Other notes about master_wins mode: * two node clusters only * configuration of a heuristic will disable master_wins mode
~~ Attention Customers and Partners - RHEL 5.5 Beta is now available on RHN ~~ RHEL 5.5 Beta has been released! There should be a fix present in this release that addresses your request. Please test and report back results here, by March 3rd 2010 (2010-03-03) or sooner. Upon successful verification of this request, post your results and update the Verified field in Bugzilla with the appropriate value. If you encounter any issues while testing, please describe them and set this bug into NEED_INFO. If you encounter new defects or have additional patch(es) to request for inclusion, please clone this bug per each request and escalate through your support representative.

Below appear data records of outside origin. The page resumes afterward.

(* p v = p_v ; s l = s_l ; ss l = s_{l^*}.  Generators are s_l, s_{l^*} for
   d(l) <> 0, with the convention s_v = s_{v^*} = p_v (v identified with idm v,
   the unique path of degree 0 at v). *)
Definition is_KP_family (k : nat) (L : kgraph k) (R : comNzRingType) (A : nualg R)
    (p : Obj L -> A) (s ss : Mor L -> A) : Prop :=
  [/\
      (forall v, s (idm v) = p v /\ ss (idm v) = p v),
      (forall v w, nua_mul (p v) (p w) = if v == w then p v else 0),
      (forall l m, deg l != dzero k -> deg m != dzero k -> rg m = sr l ->
         nua_mul (s l) (s m) = s (kcomp l m) /\
         nua_mul (ss m) (ss l) = ss (kcomp l m)) /\
      (forall l, deg l != dzero k ->
         [/\ nua_mul (p (rg l)) (s l) = s l, nua_mul (s l) (p (sr l)) = s l,
             nua_mul (p (sr l)) (ss l) = ss l & nua_mul (ss l) (p (rg l)) = ss l]),
      (forall l m, deg l != dzero k -> deg l = deg m ->
         nua_mul (ss l) (s m) = if l == m then p (sr l) else 0) &
      (forall v (n : degT k), n != dzero k -> forall e : seq (Mor L), uniq e ->
         (forall lam, (lam \in e) = (rg lam == v) && (deg lam == n)) ->
         p v = \sum_(lam <- e) nua_mul (s lam) (ss lam))].

Definition is_KP_algebra (k : nat) (L : kgraph k) (R : comNzRingType) (A : nualg R)
    (p : Obj L -> A) (s ss : Mor L -> A) : Prop :=
  is_KP_family p s ss /\
  forall (B : nualg R) (q : Obj L -> B) (t tt : Mor L -> B), is_KP_family q t tt ->
    (exists f : A -> B, nua_hom f /\
        [/\ forall v, f (p v) = q v, forall l, f (s l) = t l & forall l, f (ss l) = tt l])
    /\
    (forall f g : A -> B, nua_hom f -> nua_hom g ->
        (forall v, f (p v) = q v) -> (forall l, f (s l) = t l) -> (forall l, f (ss l) = tt l) ->
        (forall v, g (p v) = q v) -> (forall l, g (s l) = t l) -> (forall l, g (ss l) = tt l) ->
        forall x, f x = g x).

Inductive in_diag (k : nat) (L : kgraph k) (R : comNzRingType) (A : nualg R)
    (s ss : Mor L -> A) : A -> Prop :=
  | diag_gen : forall mu, in_diag s ss (nua_mul (s mu) (ss mu))
  | diag_zero : in_diag s ss 0
  | diag_add : forall x y, in_diag s ss x -> in_diag s ss y -> in_diag s ss (x + y)
  | diag_scale : forall (c : R) x, in_diag s ss x -> in_diag s ss (c *: x)
  | diag_mul : forall x y, in_diag s ss x -> in_diag s ss y -> in_diag s ss (nua_mul x y).

From HB Require Import structures.
From mathcomp Require Import all_boot all_order all_algebra.
From mathcomp Require Import zify boolp.
Import GRing.Theory.
Set Implicit Arguments. Unset Strict Implicit. Unset Printing Implicit Defensive.

(* (1) <-> (2): [x := s_a s_b^*] satisfies [x x^* = s_a s_a^*], so normality of [x] says
   [s_a s_a^* = s_b s_b^*].  Expanding [x] by (KP4) into the terms [s_(a l) s_(b l)^*],
   condition (1) makes every term commute with each diagonal projection [s_mu s_mu^*];
   conversely, commuting with [s_(b g) s_(b g)^*] forces [s_(a g) s_(a g)^* = s_(b g) s_(b g)^*].
   (3) -> (1): a long path [a g l] extends to an infinite path, so by (3) it starts with
   [b g]; expanding [s_(a g) s_(a g)^*] by (KP4) then shows that the projections onto
   [a g] and [b g] absorb each other.
   (1) -> (3): [KP_R(Lambda)] acts on the functions [Lambda^infty -> R], with
   [s_mu s_mu^*] acting as multiplication by the indicator of the paths starting with
   [mu]; through the universal property, (1) says that [a x] starts with [b g] whenever
   it starts with [a g], for every prefix [g] of [x]. *)

Section Degrees.
Variable k : nat.
Implicit Types m n q : degT k.

Lemma degP m n : (forall i, m i = n i) -> m = n.
Proof. by move=> h; apply/ffunP. Qed.

Lemma adddA m n q : dadd m (dadd n q) = dadd (dadd m n) q.
Proof. by apply: degP => i; rewrite !ffunE addnA. Qed.

Lemma addd0 m : dadd m (dzero k) = m.
Proof. by apply: degP => i; rewrite !ffunE addn0. Qed.

Lemma adddI m : injective (dadd m).
Proof. move=> n q /ffunP h; apply: degP => i; move: (h i); rewrite !ffunE; lia. Qed.

Lemma subdKC m n : dle m n -> dadd m (dsub n m) = n.
Proof. by move=> /forallP h; apply: degP => i; rewrite !ffunE subnKC. Qed.

Lemma addKd m n : dsub (dadd m n) m = n.
Proof. by apply: degP => i; rewrite !ffunE addKn. Qed.

Lemma subd0 m : dsub m (dzero k) = m.
Proof. by apply: degP => i; rewrite !ffunE subn0. Qed.

Lemma subdd m : dsub m m = dzero k.
Proof. by apply: degP => i; rewrite !ffunE subnn. Qed.

Lemma dleP m n : reflect (forall i, m i <= n i) (dle m n).
Proof. exact: forallP. Qed.

Lemma dlenn m : dle m m.
Proof. exact/dleP. Qed.

Lemma dle_trans n m q : dle m n -> dle n q -> dle m q.
Proof. by move=> /dleP h1 /dleP h2; apply/dleP => i; apply: leq_trans (h1 i) (h2 i). Qed.

Lemma dle0d m : dle (dzero k) m.
Proof. by apply/dleP => i; rewrite ffunE. Qed.

Lemma dle_addr m n : dle m (dadd m n).
Proof. by apply/dleP => i; rewrite ffunE leq_addr. Qed.

Lemma dle_addl m n : dle n (dadd m n).
Proof. by apply/dleP => i; rewrite ffunE leq_addl. Qed.

Lemma dle_add2l m n q : dle n q -> dle (dadd m n) (dadd m q).
Proof. by move=> /dleP h; apply/dleP => i; rewrite !ffunE leq_add2l. Qed.

End Degrees.

Lemma degT0 (m : degT 0) : m = dzero 0.
Proof. by apply: degP => -[]. Qed.

Section Factorisation.
Variables (k : nat) (L : kgraph k).
Implicit Types (a b l : Mor L) (m n : degT k).

Lemma factor_uniq a b a' b' : sr a = rg b -> sr a' = rg b' -> deg a = deg a' ->
  kcomp a b = kcomp a' b' -> a = a' /\ b = b'.
Proof.
move=> hab hab' hd he.
have hdb : deg b = deg b'.
  by apply: (@adddI _ (deg a)); rewrite -deg_comp // he deg_comp // hd.
have [[x y] [_ uniq_xy]] := unique_factorisation (deg_comp hab).
have e1 := uniq_xy (a, b) (And4 hab erefl erefl erefl).
have e2 := uniq_xy (a', b') (And4 hab' (esym hd) (esym hdb) he).
by case: e1 e2 => -> -> [-> ->].
Qed.

Definition factor_spec l m (ab : Mor L * Mor L) : bool :=
  [&& sr ab.1 == rg ab.2, deg ab.1 == m, deg ab.2 == dsub (deg l) m & l == kcomp ab.1 ab.2].

(* The implication makes [factor] total: junk value when [m] exceeds [deg l]. *)
Lemma factor_exists l m : exists ab, dle m (deg l) ==> factor_spec l m ab.
Proof.
have [hm|_] := boolP (dle m (deg l)); last by exists (l, l).
have [ab [[h1 h2 h3 h4] _]] := unique_factorisation (esym (subdKC hm)).
by exists ab; rewrite /factor_spec h1 h2 h3 -h4 !eqxx.
Qed.

Definition factor l m : Mor L * Mor L := xchoose (factor_exists l m).
Definition pre l m := (factor l m).1.
Definition suf l m := (factor l m).2.

Lemma factorP l m : dle m (deg l) ->
  [/\ sr (pre l m) = rg (suf l m), deg (pre l m) = m, deg (suf l m) = dsub (deg l) m
    & l = kcomp (pre l m) (suf l m)].
Proof.
move=> hm; have /implyP/(_ hm) := xchooseP (factor_exists l m).
by case/and4P=> /eqP ? /eqP ? /eqP ? /eqP.
Qed.

Section Prefix.
Variables (l : Mor L) (m : degT k).
Hypothesis hm : dle m (deg l).

Lemma sr_pre : sr (pre l m) = rg (suf l m). Proof. by case: (factorP hm). Qed.
Lemma deg_pre : deg (pre l m) = m. Proof. by case: (factorP hm). Qed.
Lemma deg_suf : deg (suf l m) = dsub (deg l) m. Proof. by case: (factorP hm). Qed.
Lemma pre_suf : kcomp (pre l m) (suf l m) = l. Proof. by case: (factorP hm). Qed.
Lemma rg_pre : rg (pre l m) = rg l. Proof. by rewrite -{2}pre_suf rg_comp // sr_pre. Qed.
Lemma sr_suf : sr (suf l m) = sr l. Proof. by rewrite -{2}pre_suf sr_comp // sr_pre. Qed.

End Prefix.

Lemma pre_comp a b : sr a = rg b -> pre (kcomp a b) (deg a) = a.
Proof.
move=> hab; have hle : dle (deg a) (deg (kcomp a b)) by rewrite deg_comp ?dle_addr.
by have [] := factor_uniq (sr_pre hle) hab (deg_pre hle) (pre_suf hle).
Qed.

Lemma suf_comp a b : sr a = rg b -> suf (kcomp a b) (deg a) = b.
Proof.
move=> hab; have hle : dle (deg a) (deg (kcomp a b)) by rewrite deg_comp ?dle_addr.
by have [] := factor_uniq (sr_pre hle) hab (deg_pre hle) (pre_suf hle).
Qed.

Lemma deg0_idm l : deg l = dzero k -> l = idm (rg l).
Proof.
move=> hl; have e : kcomp l (idm (sr l)) = kcomp (idm (rg l)) l by rewrite comp_idr comp_idl.
by have [] := factor_uniq _ _ _ e; rewrite ?rg_idm ?sr_idm ?deg_idm.
Qed.

Lemma pre_deg l : pre l (deg l) = l.
Proof. by have := @pre_comp l (idm (sr l)); rewrite comp_idr rg_idm; apply. Qed.

Lemma suf0 l : suf l (dzero k) = l.
Proof.
by have := @suf_comp (idm (rg l)) l; rewrite sr_idm comp_idl deg_idm; apply.
Qed.

Lemma pre0 l : pre l (dzero k) = idm (rg l).
Proof. by have h := dle0d (deg l); rewrite (deg0_idm (deg_pre h)) rg_pre. Qed.

Lemma pre_comp_le a b m : sr a = rg b -> dle m (deg a) -> pre (kcomp a b) m = pre a m.
Proof.
move=> hab hm; have hsb : sr (suf a m) = rg b by rewrite sr_suf.
rewrite -{1}(pre_suf hm) -comp_assoc ?sr_pre //.
by have := @pre_comp (pre a m) (kcomp (suf a m) b); rewrite deg_pre // rg_comp ?sr_pre //; apply.
Qed.

Lemma pre_pre l n m : dle n m -> dle m (deg l) -> pre (pre l m) n = pre l n.
Proof.
by move=> hnm hm; rewrite -{2}(pre_suf hm) pre_comp_le ?sr_pre ?deg_pre.
Qed.

Lemma pre_comp_add a b n : sr a = rg b -> dle n (deg b) ->
  pre (kcomp a b) (dadd (deg a) n) = kcomp a (pre b n).
Proof.
move=> hab hn; have h := @pre_comp (kcomp a (pre b n)) (suf b n).
rewrite -comp_assoc ?rg_pre ?sr_pre // pre_suf // deg_comp ?rg_pre // deg_pre // in h.
by apply: h; rewrite sr_comp ?sr_pre ?rg_pre.
Qed.

Lemma suf_suf l m n : dle (dadd m n) (deg l) -> suf (suf l m) n = suf l (dadd m n).
Proof.
move=> h; have hm : dle m (deg l) := dle_trans (dle_addr m n) h.
have hn : dle n (deg (suf l m)).
  by rewrite deg_suf //; apply/dleP => i; move/dleP: h => /(_ i); rewrite !ffunE; lia.
have hc : sr (kcomp (pre l m) (pre (suf l m) n)) = rg (suf (suf l m) n)
  by rewrite sr_comp ?sr_pre // rg_pre // -sr_pre.
have el : l = kcomp (kcomp (pre l m) (pre (suf l m) n)) (suf (suf l m) n).
  by rewrite -comp_assoc ?pre_suf ?rg_pre ?sr_pre.
have := suf_comp hc; rewrite -el deg_comp ?rg_pre ?sr_pre // !deg_pre //; apply.
Qed.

Event posted on 02-17-2010 04:04pm JST by tumeya HP verified the 5.5 beta. This event sent from IssueTracker by tumeya issue 379395
An advisory has been issued which should help the problem described in this bug report. This report is therefore being closed with a resolution of ERRATA. For more information on therefore solution and/or where to find the updated files, please follow the link below. You may reopen this bug report if the solution does not work for you. http://rhn.redhat.com/errata/RHBA-2010-0266.html
With these rpm versions (latest ones as of 5.5 branch): cman-2.0.115-34.el5_5.1 openais-0.80.6-16.el5_5.2 rgmanager-2.0.52-6.el5 has the situation been reversed again? In fact with a cluster.conf like this: <cluster alias="oradwhstud" config_version="6" name="oradwhstud"> <totem token="162000"/> <cman quorum_dev_poll="80000" expected_votes="3" two_node="0"/> <fence_daemon clean_start="1" post_fail_delay="0" post_join_delay="20"/> .. <quorumd device="/dev/mapper/mpath0" interval="5" label="dwhstudquorum" log_facility="local4" log_level="7" tko="16" votes="1"> </quorumd> ... so without heuristic, I get again Quorum device votes: 1 for both the nodes On node master for quorum: Jul 26 18:35:18 oratest1 openais[7313]: [CLM ] got nodejoin message 192.168.16.22 Jul 26 18:35:18 oratest1 openais[7313]: [CLM ] got nodejoin message 192.168.16.21 Jul 26 18:35:18 oratest1 openais[7313]: [CPG ] got joinlist message from node 1 Jul 26 18:35:48 oratest1 qdiskd[7343]: <debug> Node 2 is UP On the second started one: Jul 26 18:35:44 oratest2 qdiskd[6644]: <debug> Node 1 is UP Jul 26 18:35:49 oratest2 qdiskd[6644]: <info> Node 1 is the master Jul 26 18:35:55 oratest2 openais[6614]: [TOTEM] Retransmit List: 24 Jul 26 18:35:55 oratest2 openais[6614]: [TOTEM] Retransmit List: 27 Jul 26 18:36:00 oratest2 openais[6614]: [TOTEM] Retransmit List: 28 Jul 26 18:36:00 oratest2 openais[6614]: [TOTEM] Retransmit List: 29 Jul 26 18:36:05 oratest2 openais[6614]: [TOTEM] Retransmit List: 2b Jul 26 18:36:05 oratest2 openais[6614]: [TOTEM] Retransmit List: 2d Jul 26 18:36:05 oratest2 openais[6614]: [TOTEM] Retransmit List: 30 Jul 26 18:36:05 oratest2 openais[6614]: [TOTEM] Retransmit List: 32 Jul 26 18:36:40 oratest2 qdiskd[6644]: <info> Initial score 1/1 Jul 26 18:36:40 oratest2 qdiskd[6644]: <info> Initialization complete Jul 26 18:36:40 oratest2 openais[6614]: [CMAN ] quorum device registered Jul 26 18:36:40 oratest2 qdiskd[6644]: <notice> Score sufficient for master operation (1/1; required=1); upgrading If I interrupt intra-cluster network I get again mutual fencing... Thanks, Gianluca
Gainluca, you forgot to set master_wins="1" in <quorumd> tag.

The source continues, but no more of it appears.